-- TASK MATERIAL --
(* For t (t + 1) != 0, f_{c(t)} has the explicit 3-cycle
   x1 -> x2 -> x3 -> x1 with x_i of denominator 2 t (t + 1); x2 - x1 and
   x3 - x1 are nonzero multiples of t^2 + t + 1 > 0. *)
Lemma cpar_3cycle (t : rat) : t != 0 -> t + 1 != 0 -> has_rat_3cycle (cpar t).
Proof.
move=> t0 t1.
set x1 := (t ^+ 3 + 2 * t ^+ 2 + t + 1) / (2 * t * (t + 1)).
set x2 := (t ^+ 3 - t - 1) / (2 * t * (t + 1)).
set x3 := - (t ^+ 3 + 2 * t ^+ 2 + 3 * t + 1) / (2 * t * (t + 1)).
have f1 : fc (cpar t) x1 = x2 by rewrite /fc /cpar /x1 /x2 /Ag; field; rewrite t0 t1.
have f2 : fc (cpar t) x2 = x3 by rewrite /fc /cpar /x3 /x2 /Ag; field; rewrite t0 t1.
have f3 : fc (cpar t) x3 = x1 by rewrite /fc /cpar /x3 /x1 /Ag; field; rewrite t0 t1.
have tt1_gt0 : 0 < t ^+ 2 + t + 1 by nra.
have d21 : x2 - x1 = - ((t ^+ 2 + t + 1) / (t * (t + 1))).
  by rewrite /x1 /x2; field; rewrite t0 t1.
have d31 : x3 - x1 = - (t ^+ 2 + t + 1) / t.
  by rewrite /x1 /x3; field; rewrite t0 t1.
exists x1; split; [|split] => /=; rewrite ?f1 ?f2 ?f3 //; apply/eqP; rewrite -subr_eq0.
- by rewrite d21 oppr_eq0 mulf_neq0 ?invr_eq0 ?mulf_neq0 // gt_eqF.
- by rewrite d31 mulf_neq0 ?invr_eq0 // oppr_eq0 gt_eqF.
Qed.

(* c(T) tends to -infinity: for T >= 16 (K + 1), c(T) < -K, since
   B(T,1) <= 16 T^4 and K * 16 T^4 <= T^6 < A(T,1). *)
Lemma cpar_lt (K T : rat) : 0 <= K -> 16 * (K + 1) <= T -> cpar T < - K.
Proof.
move=> K0 hT.
have T1 : 1 <= T by lra.
have T0 : 0 < T by lra.
have B_gt0 : 0 < 4 * T ^+ 2 * (T + 1) ^+ 2.
  by rewrite !mulr_gt0 ?exprn_gt0 ?addr_gt0.
have B_le : 4 * T ^+ 2 * (T + 1) ^+ 2 <= 16 * T ^+ 4.
  have h : (T + 1) ^+ 2 <= 4 * T ^+ 2 by nra.
  have := ler_wpM2l (mulr_ge0 (ler0n _ 4) (sqr_ge0 T)) h.
  by rewrite (_ : 4 * T ^+ 2 * (4 * T ^+ 2) = 16 * T ^+ 4) //; ring.
have KB : K * (4 * T ^+ 2 * (T + 1) ^+ 2) <= T ^+ 6.
  have KT : K * 16 <= T ^+ 2 by nra.
  apply: (le_trans (ler_wpM2l K0 B_le)).
  have -> : T ^+ 6 = T ^+ 2 * T ^+ 4 by rewrite -exprD.
  by rewrite mulrA; apply: ler_wpM2r KT; rewrite exprn_ge0 // ltW.
have A_gt : T ^+ 6 < Ag T 1.
  have p2 : 0 < T ^+ 2 by rewrite exprn_gt0.
  have p3 : 0 < T ^+ 3 by rewrite exprn_gt0.
  have p4 : 0 < T ^+ 4 by rewrite exprn_gt0.
  have p5 : 0 < T ^+ 5 by rewrite exprn_gt0.
  by rewrite /Ag !expr1n !mulr1; lra.
rewrite /cpar ltrN2 ltr_pdivlMr //; lra.
Qed.

Lemma seq_lower_bound (s : seq rat) : exists K : nat, forall c, c \in s -> - K%:R <= c.
Proof.
elim: s => [|x s [K hK]]; first by exists 0%N.
exists (K + Num.Def.archi_bound `|x|)%N => c; rewrite inE natrD.
have hx := archi_boundP (normr_ge0 x).
have nx : - x <= `|x| by rewrite -normrN ler_norm.
have K0 : (0 : rat) <= K%:R by rewrite ler0n.
have b0 : (0 : rat) <= (Num.Def.archi_bound `|x|)%:R by rewrite ler0n.
by case/orP=> [/eqP -> | /hK ]; lra.
Qed.

Lemma dvd_A_residue (p : nat) (z : 'F_p) (j : nat) : prime p -> Phi7 z = 0 ->
  (p%:Z %| A (z + z ^ 2 + p * j)%N 1)%Z.
Proof.
move=> pp hz; rewrite (dvdz_pcharf (pchar_Fp pp)) A_Ag Ag_intr rmorph1.
have -> : ((z + z ^ 2 + p * j)%N%:~R : 'F_p) = z + z ^+ 2.
  change ((z + z ^ 2 + p * j)%N%:R = z + z ^+ 2 :> 'F_p).
  by rewrite !natrD natrM pchar_Fp_0 // mul0r addr0 natrX natr_Zp.
by rewrite Ag_Phi7_lift hz mul0r.
Qed.

Lemma infinitely_many_c (p : nat) : prime p -> (p %% 7 = 1)%N ->
  forall s : seq rat, exists c : rat, c \notin s /\
    (exists m n : int, [/\ coprimez m n, m * n * (m + n) != 0,
         (p%:Z %| A m n)%Z & c = - ((A m n)%:~R / (B m n)%:~R)]) /\
    has_rat_3cycle c.
Proof.
move=> pp p7 s.
have [z z7 z1] := Fp_exists_root_unity pp (isT : prime 7) p7.
have hz := Phi7_root z7 z1.
have [K hK] := seq_lower_bound s.
set mn : nat := (z + z ^ 2 + p * (16 * (K + 1)))%N.
set T : rat := mn%:R.
have hT : 16 * (K%:R + 1) <= T.
  have : ((16 * (K + 1))%:R : rat) <= T by rewrite ler_nat /mn; have := prime_gt0 pp; nia.
  by rewrite natrM natrD.
have K0 : (0 : rat) <= K%:R by rewrite ler0n.
have T_gt0 : 0 < T by lra.
have cT : cpar T = - ((A mn 1)%:~R / (B mn 1)%:~R) := cpar_int mn.
exists (cpar T); split; [|split].
- by apply/negP => /hK; have := cpar_lt K0 hT; lra.
- exists mn, 1; split; rewrite -?cT //; first by rewrite /coprimez gcdz1.
  + rewrite mulr1 mulf_neq0 ?gt_eqF ?ltr_wpDr //;
    by rewrite ltz_nat; have := prime_gt0 pp; lia.
  + exact: dvd_A_residue.
- by apply: cpar_3cycle; apply/lt0r_neq0; lra.
Qed.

-- WORK ORDER --
Each record must be reproduced exactly, with nothing missing.

-- WRITTEN ANSWER --
(* For t (t + 1) != 0, f_{c(t)} has the explicit 3-cycle
   x1 -> x2 -> x3 -> x1 with x_i of denominator 2 t (t + 1); x2 - x1 and
   x3 - x1 are nonzero multiples of t^2 + t + 1 > 0. *)
Lemma cpar_3cycle (t : rat) : t != 0 -> t + 1 != 0 -> has_rat_3cycle (cpar t).
Proof.
move=> t0 t1.
set x1 := (t ^+ 3 + 2 * t ^+ 2 + t + 1) / (2 * t * (t + 1)).
set x2 := (t ^+ 3 - t - 1) / (2 * t * (t + 1)).
set x3 := - (t ^+ 3 + 2 * t ^+ 2 + 3 * t + 1) / (2 * t * (t + 1)).
have f1 : fc (cpar t) x1 = x2 by rewrite /fc /cpar /x1 /x2 /Ag; field; rewrite t0 t1.
have f2 : fc (cpar t) x2 = x3 by rewrite /fc /cpar /x3 /x2 /Ag; field; rewrite t0 t1.
have f3 : fc (cpar t) x3 = x1 by rewrite /fc /cpar /x3 /x1 /Ag; field; rewrite t0 t1.
have tt1_gt0 : 0 < t ^+ 2 + t + 1 by nra.
have d21 : x2 - x1 = - ((t ^+ 2 + t + 1) / (t * (t + 1))).
  by rewrite /x1 /x2; field; rewrite t0 t1.
have d31 : x3 - x1 = - (t ^+ 2 + t + 1) / t.
  by rewrite /x1 /x3; field; rewrite t0 t1.
exists x1; split; [|split] => /=; rewrite ?f1 ?f2 ?f3 //; apply/eqP; rewrite -subr_eq0.
- by rewrite d21 oppr_eq0 mulf_neq0 ?invr_eq0 ?mulf_neq0 // gt_eqF.
- by rewrite d31 mulf_neq0 ?invr_eq0 // oppr_eq0 gt_eqF.
Qed.

(* c(T) tends to -infinity: for T >= 16 (K + 1), c(T) < -K, since
   B(T,1) <= 16 T^4 and K * 16 T^4 <= T^6 < A(T,1). *)
Lemma cpar_lt (K T : rat) : 0 <= K -> 16 * (K + 1) <= T -> cpar T < - K.
Proof.
move=> K0 hT.
have T1 : 1 <= T by lra.
have T0 : 0 < T by lra.
have B_gt0 : 0 < 4 * T ^+ 2 * (T + 1) ^+ 2.
  by rewrite !mulr_gt0 ?exprn_gt0 ?addr_gt0.
have B_le : 4 * T ^+ 2 * (T + 1) ^+ 2 <= 16 * T ^+ 4.
  have h : (T + 1) ^+ 2 <= 4 * T ^+ 2 by nra.
  have := ler_wpM2l (mulr_ge0 (ler0n _ 4) (sqr_ge0 T)) h.
  by rewrite (_ : 4 * T ^+ 2 * (4 * T ^+ 2) = 16 * T ^+ 4) //; ring.
have KB : K * (4 * T ^+ 2 * (T + 1) ^+ 2) <= T ^+ 6.
  have KT : K * 16 <= T ^+ 2 by nra.
  apply: (le_trans (ler_wpM2l K0 B_le)).
  have -> : T ^+ 6 = T ^+ 2 * T ^+ 4 by rewrite -exprD.
  by rewrite mulrA; apply: ler_wpM2r KT; rewrite exprn_ge0 // ltW.
have A_gt : T ^+ 6 < Ag T 1.
  have p2 : 0 < T ^+ 2 by rewrite exprn_gt0.
  have p3 : 0 < T ^+ 3 by rewrite exprn_gt0.
  have p4 : 0 < T ^+ 4 by rewrite exprn_gt0.
  have p5 : 0 < T ^+ 5 by rewrite exprn_gt0.
  by rewrite /Ag !expr1n !mulr1; lra.
rewrite /cpar ltrN2 ltr_pdivlMr //; lra.
Qed.

Lemma seq_lower_bound (s : seq rat) : exists K : nat, forall c, c \in s -> - K%:R <= c.
Proof.
elim: s => [|x s [K hK]]; first by exists 0%N.
exists (K + Num.Def.archi_bound `|x|)%N => c; rewrite inE natrD.
have hx := archi_boundP (normr_ge0 x).
have nx : - x <= `|x| by rewrite -normrN ler_norm.
have K0 : (0 : rat) <= K%:R by rewrite ler0n.
have b0 : (0 : rat) <= (Num.Def.archi_bound `|x|)%:R by rewrite ler0n.
by case/orP=> [/eqP -> | /hK ]; lra.
Qed.

Lemma dvd_A_residue (p : nat) (z : 'F_p) (j : nat) : prime p -> Phi7 z = 0 ->
  (p%:Z %| A (z + z ^ 2 + p * j)%N 1)%Z.
Proof.
move=> pp hz; rewrite (dvdz_pcharf (pchar_Fp pp)) A_Ag Ag_intr rmorph1.
have -> : ((z + z ^ 2 + p * j)%N%:~R : 'F_p) = z + z ^+ 2.
  change ((z + z ^ 2 + p * j)%N%:R = z + z ^+ 2 :> 'F_p).
  by rewrite !natrD natrM pchar_Fp_0 // mul0r addr0 natrX natr_Zp.
by rewrite Ag_Phi7_lift hz mul0r.
Qed.

Lemma infinitely_many_c (p : nat) : prime p -> (p %% 7 = 1)%N ->
  forall s : seq rat, exists c : rat, c \notin s /\
    (exists m n : int, [/\ coprimez m n, m * n * (m + n) != 0,
         (p%:Z %| A m n)%Z & c = - ((A m n)%:~R / (B m n)%:~R)]) /\
    has_rat_3cycle c.
Proof.
move=> pp p7 s.
have [z z7 z1] := Fp_exists_root_unity pp (isT : prime 7) p7.
have hz := Phi7_root z7 z1.
have [K hK] := seq_lower_bound s.
set mn : nat := (z + z ^ 2 + p * (16 * (K + 1)))%N.
set T : rat := mn%:R.
have hT : 16 * (K%:R + 1) <= T.
  have : ((16 * (K + 1))%:R : rat) <= T by rewrite ler_nat /mn; have := prime_gt0 pp; nia.
  by rewrite natrM natrD.
have K0 : (0 : rat) <= K%:R by rewrite ler0n.
have T_gt0 : 0 < T by lra.
have cT : cpar T = - ((A mn 1)%:~R / (B mn 1)%:~R) := cpar_int mn.
exists (cpar T); split; [|split].
- by apply/negP => /hK; have := cpar_lt K0 hT; lra.
- exists mn, 1; split; rewrite -?cT //; first by rewrite /coprimez gcdz1.
  + rewrite mulr1 mulf_neq0 ?gt_eqF ?ltr_wpDr //;
    by rewrite ltz_nat; have := prime_gt0 pp; lia.
  + exact: dvd_A_residue.
- by apply: cpar_3cycle; apply/lt0r_neq0; lra.
Qed.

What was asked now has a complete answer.